Anand Deopurkar

Posted on Friday, 30 April, 2004 - 07:43 am:

I have just started reading Lebesgue Theory. Can anyone give me an example of a set which is not measurable with respect to the usual Lebesgue Measure?

David Loeffler

Posted on Friday, 30 April, 2004 - 09:17 am:

The usual construction is something like this. Divide the reals in

[0, 1]

into equivalence classes, where two reals are equivalent if they differ by a rational. Then define a set

S

by picking one element from each clas.

For any rational $q$ , define $S_{q} = {α + q : α \in S}$ , where addition is done modulo 1.

Now suppose $S$ is measurable. Then each of the $S_{q}$ s is also measurable with measure equal to that of $S$ ; so if this measure is zero, then the measure of

$⋃_{q \in Q \cap [0, 1]} S_{q}$

would be zero. Since this union is just $[0, 1]$ itself, with measure 1, this is a contradiction.

However, this is a disjoint union, so if $S$ has measure greater than zero, the measure of the union would have to be infinity; so we have a contradiction here as well.

So the set $S$ is not measurable.

David

Anand Deopurkar

Posted on Friday, 30 April, 2004 - 10:11 am:

Wow !

David Loeffler

Posted on Friday, 30 April, 2004 - 10:40 am:

It's a very nice trick, as it doesn't actually use any technicalities about the properties of Lebesgue measure: for any measure on

that is countably additive and translation-invariant, this proof will give a nonmeasurable set.

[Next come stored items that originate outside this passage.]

(* Let $A$ be a group and $\phi$ a surjective, proper virtual endomorphism of $A$. Let $\Gamma\le\mathrm{Aut}(A)$ be such that $\phi$ and $\Gamma$ are mutually stable. Then the action of $A\rtimes\Gamma$ on $\mathcal{T}_\phi$ is self-similar.
   Context: A virtual endomorphism of a group $A$ is a homomorphism $\phi$ from a finite index subgroup of $A$ to $A$; write $\phi^{-n}(A)$ for the iterated preimages ($\phi^{-0}(A)=A$). $\phi$ is proper if $\bigcap_{n}\phi^{-n}(A)=\{1\}$; a proper virtual endomorphism is injective, so a surjective proper one is a bijection from $\phi^{-1}(A)$ onto $A$. For $\Gamma\le\mathrm{Aut}(A)$, $\phi$ is $\Gamma$-stable if $\gamma(\phi^{-n}(A))=\phi^{-n}(A)$ for all $\gamma\in\Gamma$, $n\in\mathbb{N}$. For bijective $\phi$, $\phi$ and $\Gamma$ are mutually stable if $\phi$ is $\Gamma$-stable and, for each $\gamma\in\Gamma$, the automorphism $\phi\circ\gamma|_{\phi^{-1}(A)}\circ\phi^{-1}$ of $A$ lies in $\Gamma$. The tree of cosets $\mathcal{T}_\phi$ has vertex set $\coprod_{n\ge0}A/\phi^{-n}(A)$ with edges from $a\phi^{-n}(A)$ to $a\phi^{-(n+1)}(A)$; $A\rtimes\Gamma$ acts on it by $(a,\gamma).(a'\phi^{-n}(A))=a\gamma(a')\phi^{-n}(A)$. When $\phi$ is surjective, $\mathcal{T}_\phi$ is isomorphic to the rooted $d$-regular tree $\mathcal{T}_d$ with $d=[A:\phi^{-1}(A)]$. Self-similarity of the action means: writing $B=\phi^{-1}(A)$ and choosing a transversal $T$ of $A/B$, identify for each $t\in T$ the subtree of $\mathcal{T}_\phi$ rooted at $tB$ (all cosets contained in $tB$) with $\mathcal{T}_\phi$ via $\delta_{tB}: a\phi^{-(n+1)}(A)\mapsto \phi(t^{-1}a)\phi^{-n}(A)$; then for every $g\in A\rtimes\Gamma$ and every $t\in T$, if $g$ sends $tB$ to $t'B$ ($t'\in T$), the tree automorphism $\delta_{t'B}\circ g\circ\delta_{tB}^{-1}$ of $\mathcal{T}_\phi$ is the action of some element of $A\rtimes\Gamma$. (Equivalently, the induced action of $A\rtimes \Gamma$ on $\mathcal{T}_d$ under the corresponding identification has image a self-similar subgroup of $\mathrm{Aut}(\mathcal{T}_d)$, i.e. one closed under taking level-1 states.) *)

From Stdlib Require Import List.
Import ListNotations.
Set Implicit Arguments.

Record Group := {
  carrier :> Type;
  mul : carrier -> carrier -> carrier;
  one : carrier;
  inv : carrier -> carrier;
  mulA : forall x y z, mul x (mul y z) = mul (mul x y) z;
  mul1g : forall x, mul one x = x;
  mulVg : forall x, mul (inv x) x = one
}.

Section Defs.
Variable A : Group.
Local Notation "x * y" := (mul A x y).
Local Notation "x ^-1" := (inv A x) (at level 3).
Local Notation "1" := (one A).

Definition is_subgroup (B : A -> Prop) : Prop :=
  B 1 /\ (forall x y, B x -> B y -> B (x * y)) /\ (forall x, B x -> B (x^-1)).

Definition finite_index (B : A -> Prop) : Prop :=
  exists l : list A, forall a, exists t, In t l /\ B (t^-1 * a).

(** A virtual endomorphism: a homomorphism phi : B -> A defined on a
    finite index subgroup B (phi is a total function, only its values on B matter). *)
Definition virtual_endo (B : A -> Prop) (phi : A -> A) : Prop :=
  is_subgroup B /\ finite_index B /\
  (forall x y, B x -> B y -> phi (x * y) = phi x * phi y).

Fixpoint preim (B : A -> Prop) (phi : A -> A) (n : nat) : A -> Prop :=
  match n with
  | O => fun _ => True
  | S m => fun a => B a /\ preim B phi m (phi a)
  end.

Definition proper_ve (B : A -> Prop) (phi : A -> A) : Prop :=
  forall a, (forall n, preim B phi n a) -> a = 1.

Definition surjective_ve (B : A -> Prop) (phi : A -> A) : Prop :=
  forall a, exists b, B b /\ phi b = a.

Definition is_aut (g : A -> A) : Prop :=
  (forall x y, g (x * y) = g x * g y) /\
  (forall x y, g x = g y -> x = y) /\ (forall y, exists x, g x = y).

Definition is_aut_subgroup (Gam : (A -> A) -> Prop) : Prop :=
  (forall g, Gam g -> is_aut g) /\
  Gam (fun a => a) /\
  (forall g h, Gam g -> Gam h -> Gam (fun a => g (h a))) /\
  (forall g, Gam g -> exists h, Gam h /\ forall a, h (g a) = a /\ g (h a) = a).

Definition maps_onto (g : A -> A) (S : A -> Prop) : Prop :=
  (forall a, S a -> S (g a)) /\ (forall b, S b -> exists a, S a /\ g a = b).

Definition Gamma_stable (B : A -> Prop) (phi : A -> A) (Gam : (A -> A) -> Prop) : Prop :=
  forall g n, Gam g -> maps_onto g (preim B phi n).

(** Mutual stability (phi bijective B -> A): phi o g|_B o phi^{-1} lies in Gamma,
    i.e. there is h in Gamma with h (phi b) = phi (g b) for all b in B. *)
Definition mutually_stable (B : A -> Prop) (phi : A -> A) (Gam : (A -> A) -> Prop) : Prop :=
  Gamma_stable B phi Gam /\
  forall g, Gam g -> exists h, Gam h /\ forall b, B b -> h (phi b) = phi (g b).

(** Tree of cosets T_phi: a vertex of level n is a coset x phi^{-n}(A), given by a
    representative x; two representatives give the same vertex iff they are
    congruent modulo phi^{-n}(A). *)
Definition same_vertex (B : A -> Prop) (phi : A -> A) (n : nat) (x y : A) : Prop :=
  preim B phi n (x^-1 * y).

(** Action of (a, g) in A x| Gamma on representatives: x phi^{-n}A |-> a g(x) phi^{-n}A. *)
Definition sd_act (a : A) (g : A -> A) (x : A) : A := a * g x.

(** delta_{tB}: y phi^{-(n+1)}(A) |-> phi(t^-1 y) phi^{-n}(A), on representatives. *)
Definition delta (phi : A -> A) (t y : A) : A := phi (t^-1 * y).

Definition transversal (B : A -> Prop) (T : A -> Prop) : Prop :=
  forall a, exists t, (T t /\ B (t^-1 * a)) /\
    forall t', T t' /\ B (t'^-1 * a) -> t' = t.

(** Self-similarity of the action of A x| Gamma on T_phi with respect to the
    transversal T: for every g = (a, ga) and t in T, with g (tB) = t'B, t' in T,
    the tree automorphism delta_{t'B} o g o delta_{tB}^{-1} of T_phi coincides,
    on every vertex, with the action of some (a', ga') in A x| Gamma.
    Every vertex of level n of T_phi is delta_{tB}(y phi^{-(n+1)}A) with y in tB. *)
Definition self_similar_action (B : A -> Prop) (phi : A -> A)
    (Gam : (A -> A) -> Prop) (T : A -> Prop) : Prop :=
  forall (a : A) (ga : A -> A) (t t' : A),
    Gam ga -> T t -> T t' ->
    same_vertex B phi 1 (sd_act a ga t) t' ->
    exists (a' : A) (ga' : A -> A), Gam ga' /\
      forall (n : nat) (y : A), same_vertex B phi 1 t y ->
        same_vertex B phi n (delta phi t' (sd_act a ga y))
                            (sd_act a' ga' (delta phi t y)).

End Defs.

Arguments is_subgroup {A}.
Arguments finite_index {A}.
Arguments virtual_endo {A}.
Arguments preim {A}.
Arguments proper_ve {A}.
Arguments surjective_ve {A}.
Arguments is_aut {A}.
Arguments is_aut_subgroup {A}.
Arguments maps_onto {A}.
Arguments Gamma_stable {A}.
Arguments mutually_stable {A}.
Arguments same_vertex {A}.
Arguments sd_act {A}.
Arguments delta {A}.
Arguments transversal {A}.
Arguments self_similar_action {A}.


(* The state of [(a, g)] at the vertex [tB] is explicit: if [a g(t) B = t' B]
   then [c := t'^-1 a g(t)] lies in [B], and writing [y = t b] with [b] in [B],
   [phi (t'^-1 a g(t b)) = phi (c g(b)) = phi c * phi (g b) = phi c * h (phi b)],
   where [h = phi o g o phi^-1] lies in [Gamma] by mutual stability.  So the
   state is [(phi c, h)], with equality already on representatives.  Surjectivity and
   properness of [phi] only serve to make [T_phi] a regular rooted tree; the
   self-similarity computation does not use them, nor the transversal. *)

Section GroupFacts.
Variable A : Group.
Local Notation "x * y" := (mul A x y).
Local Notation "x ^-1" := (inv A x) (at level 3).
Local Notation "1" := (one A).

Lemma mulgV (x : A) : x * x^-1 = 1.
Proof.
  assert (Hidem : (x * x^-1) * (x * x^-1) = x * x^-1).
  { rewrite <- mulA, (mulA A x^-1 x), mulVg, mul1g. reflexivity. }
  rewrite <- (mulVg A (x * x^-1)). rewrite <- Hidem at 3.
  rewrite mulA, mulVg, mul1g. reflexivity.
Qed.

Lemma mulg1 (x : A) : x * 1 = x.
Proof. rewrite <- (mulVg A x), mulA, mulgV, mul1g. reflexivity. Qed.

Lemma mulKg (x y : A) : x * (x^-1 * y) = y.
Proof. rewrite mulA, mulgV, mul1g. reflexivity. Qed.

Lemma mulg_invl (x y : A) : x * y = 1 -> y = x^-1.
Proof.
  intro Hxy.
  rewrite <- (mul1g A y), <- (mulVg A x), <- mulA, Hxy, mulg1. reflexivity.
Qed.

Lemma invgK (x : A) : (x^-1)^-1 = x.
Proof. symmetry. apply mulg_invl, mulVg. Qed.

Lemma invgM (x y : A) : (x * y)^-1 = y^-1 * x^-1.
Proof.
  symmetry. apply mulg_invl.
  rewrite <- mulA, (mulA A y), mulgV, mul1g, mulgV. reflexivity.
Qed.

Lemma mulg_cancelr (z x y : A) : x * z = y * z -> x = y.
Proof.
  intro Hxy.
  rewrite <- (mulg1 x), <- (mulg1 y), <- (mulgV z), !mulA, Hxy. reflexivity.
Qed.

End GroupFacts.

Arguments mulgV {A}.
Arguments mulg1 {A}.
Arguments mulKg {A}.
Arguments mulg_invl {A}.
Arguments invgK {A}.
Arguments invgM {A}.
Arguments mulg_cancelr {A}.

Section Preimages.
Variable A : Group.
Local Notation "x * y" := (mul A x y).
Local Notation "x ^-1" := (inv A x) (at level 3).
Local Notation "1" := (one A).

Variables (B : A -> Prop) (phi : A -> A).
Hypothesis B_subgroup : is_subgroup B.
Hypothesis phiM : forall x y, B x -> B y -> phi (x * y) = phi x * phi y.

Lemma phi1 : phi 1 = 1.
Proof.
  destruct B_subgroup as [B1 _].
  apply (mulg_cancelr (phi 1)). rewrite mul1g, <- phiM, mul1g by exact B1.
  reflexivity.
Qed.

Lemma phiV (x : A) : B x -> phi x^-1 = (phi x)^-1.
Proof.
  destruct B_subgroup as [_ [_ BV]]. intro Bx.
  apply mulg_invl. rewrite <- phiM, mulgV, phi1 by auto. reflexivity.
Qed.

Lemma preim_subgroup (n : nat) : is_subgroup (preim B phi n).
Proof.
  destruct B_subgroup as [B1 [BM BV]].
  induction n as [| n [P1 [PM PV]]]; simpl.
  - repeat split; auto.
  - split; [| split].
    + split; [exact B1 | rewrite phi1; exact P1].
    + intros x y [Bx Px] [By Py]. split; [auto | rewrite phiM by assumption; auto].
    + intros x [Bx Px]. split; [auto | rewrite phiV by assumption; auto].
Qed.

Lemma same_vertex_refl (n : nat) (x : A) : same_vertex B phi n x x.
Proof.
  unfold same_vertex. rewrite mulVg. apply preim_subgroup.
Qed.

Lemma same_vertex_sym (n : nat) (x y : A) :
  same_vertex B phi n x y -> same_vertex B phi n y x.
Proof.
  unfold same_vertex. intro Hxy.
  destruct (preim_subgroup n) as [_ [_ PV]].
  apply PV in Hxy. rewrite invgM, invgK in Hxy. exact Hxy.
Qed.

Lemma delta_sd_act (a t t' : A) (g h : A -> A) (y : A) :
  (forall x z, g (x * z) = g x * g z) ->
  (forall b, B b -> B (g b)) ->
  (forall b, B b -> h (phi b) = phi (g b)) ->
  B (t'^-1 * (a * g t)) -> B (t^-1 * y) ->
  delta phi t' (sd_act a g y) = sd_act (phi (t'^-1 * (a * g t))) h (delta phi t y).
Proof.
  intros gM gB hphi Bc Bb. unfold delta, sd_act.
  set (b := t^-1 * y) in *.
  replace y with (t * b) by apply mulKg.
  rewrite gM, (mulA A a), (mulA A t'^-1), phiM, hphi by auto.
  reflexivity.
Qed.

End Preimages.

Arguments same_vertex_refl {A B phi}.
Arguments same_vertex_sym {A B phi}.
Arguments delta_sd_act {A B phi}.

Theorem lemma4p4 (A : Group) (B : A -> Prop) (phi : A -> A) (Gam : (A -> A) -> Prop) :
  virtual_endo B phi ->
  surjective_ve B phi ->
  proper_ve B phi ->
  is_aut_subgroup Gam ->
  mutually_stable B phi Gam ->
  forall T : A -> Prop, transversal B T ->
  self_similar_action B phi Gam T.
Proof.
  intros [B_subgroup [_ phiM]] _ _ [Gam_aut _] [Gam_stable conj_in_Gam] T _.
  intros a g t t' Gg _ _ Hmove.
  destruct (conj_in_Gam g Gg) as [h [Gh hphi]].
  destruct (Gam_aut g Gg) as [gM _].
  assert (gB : forall b, B b -> B (g b)).
  { intros b Bb. destruct (Gam_stable g 1 Gg) as [g_preim1 _].
    apply (g_preim1 b (conj Bb I)). }
  apply (same_vertex_sym B_subgroup phiM 1) in Hmove.
  destruct Hmove as [Bc _].
  exists (phi (mul A (inv A t') (mul A a (g t)))), h. split; [exact Gh |].
  intros n y [Bb _].
  rewrite (delta_sd_act phiM a t t' g h y gM gB hphi Bc Bb).
  apply (same_vertex_refl B_subgroup phiM).
Qed.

The slightly subtle point about the proof is whether or not the set S exists at all. To justify the construction you need to invoke the Axiom of Choice. It is difficult to do most parts of analysis without using choice somewhere, but it has all sorts of troublesome consequences (look up the Banach-Tarski paradox, if you're interested in such things; there's a very good book on it by Stan Wagon).

David

Anand Deopurkar

Posted on Friday, 30 April, 2004 - 08:06 pm:

Yes. I realized it needs AoC when you said that choose one member from each equivalence class. But I dont think that there should be any hesitation in taking AoC because I read that if Set theory is consistent without AoC then it is consistent with AoC too.
By the way what is Banach-Tarski Paradox? I read somewhere that using AoC we can prove that a sphere can be decomposed and the parts rearranged to get two spheres of the same radius. Is it the same paradox? (It is only an apparent paradox I guess...)

James Cranch

Posted on Friday, 30 April, 2004 - 08:14 pm:

Yes, that's the one.

Your statement about consistency strength is right too. But that doesn't mean we should necessarily accept Choice: it may be that there's a different axiom, which contradicts it, but which gives nicer results in some circumstance.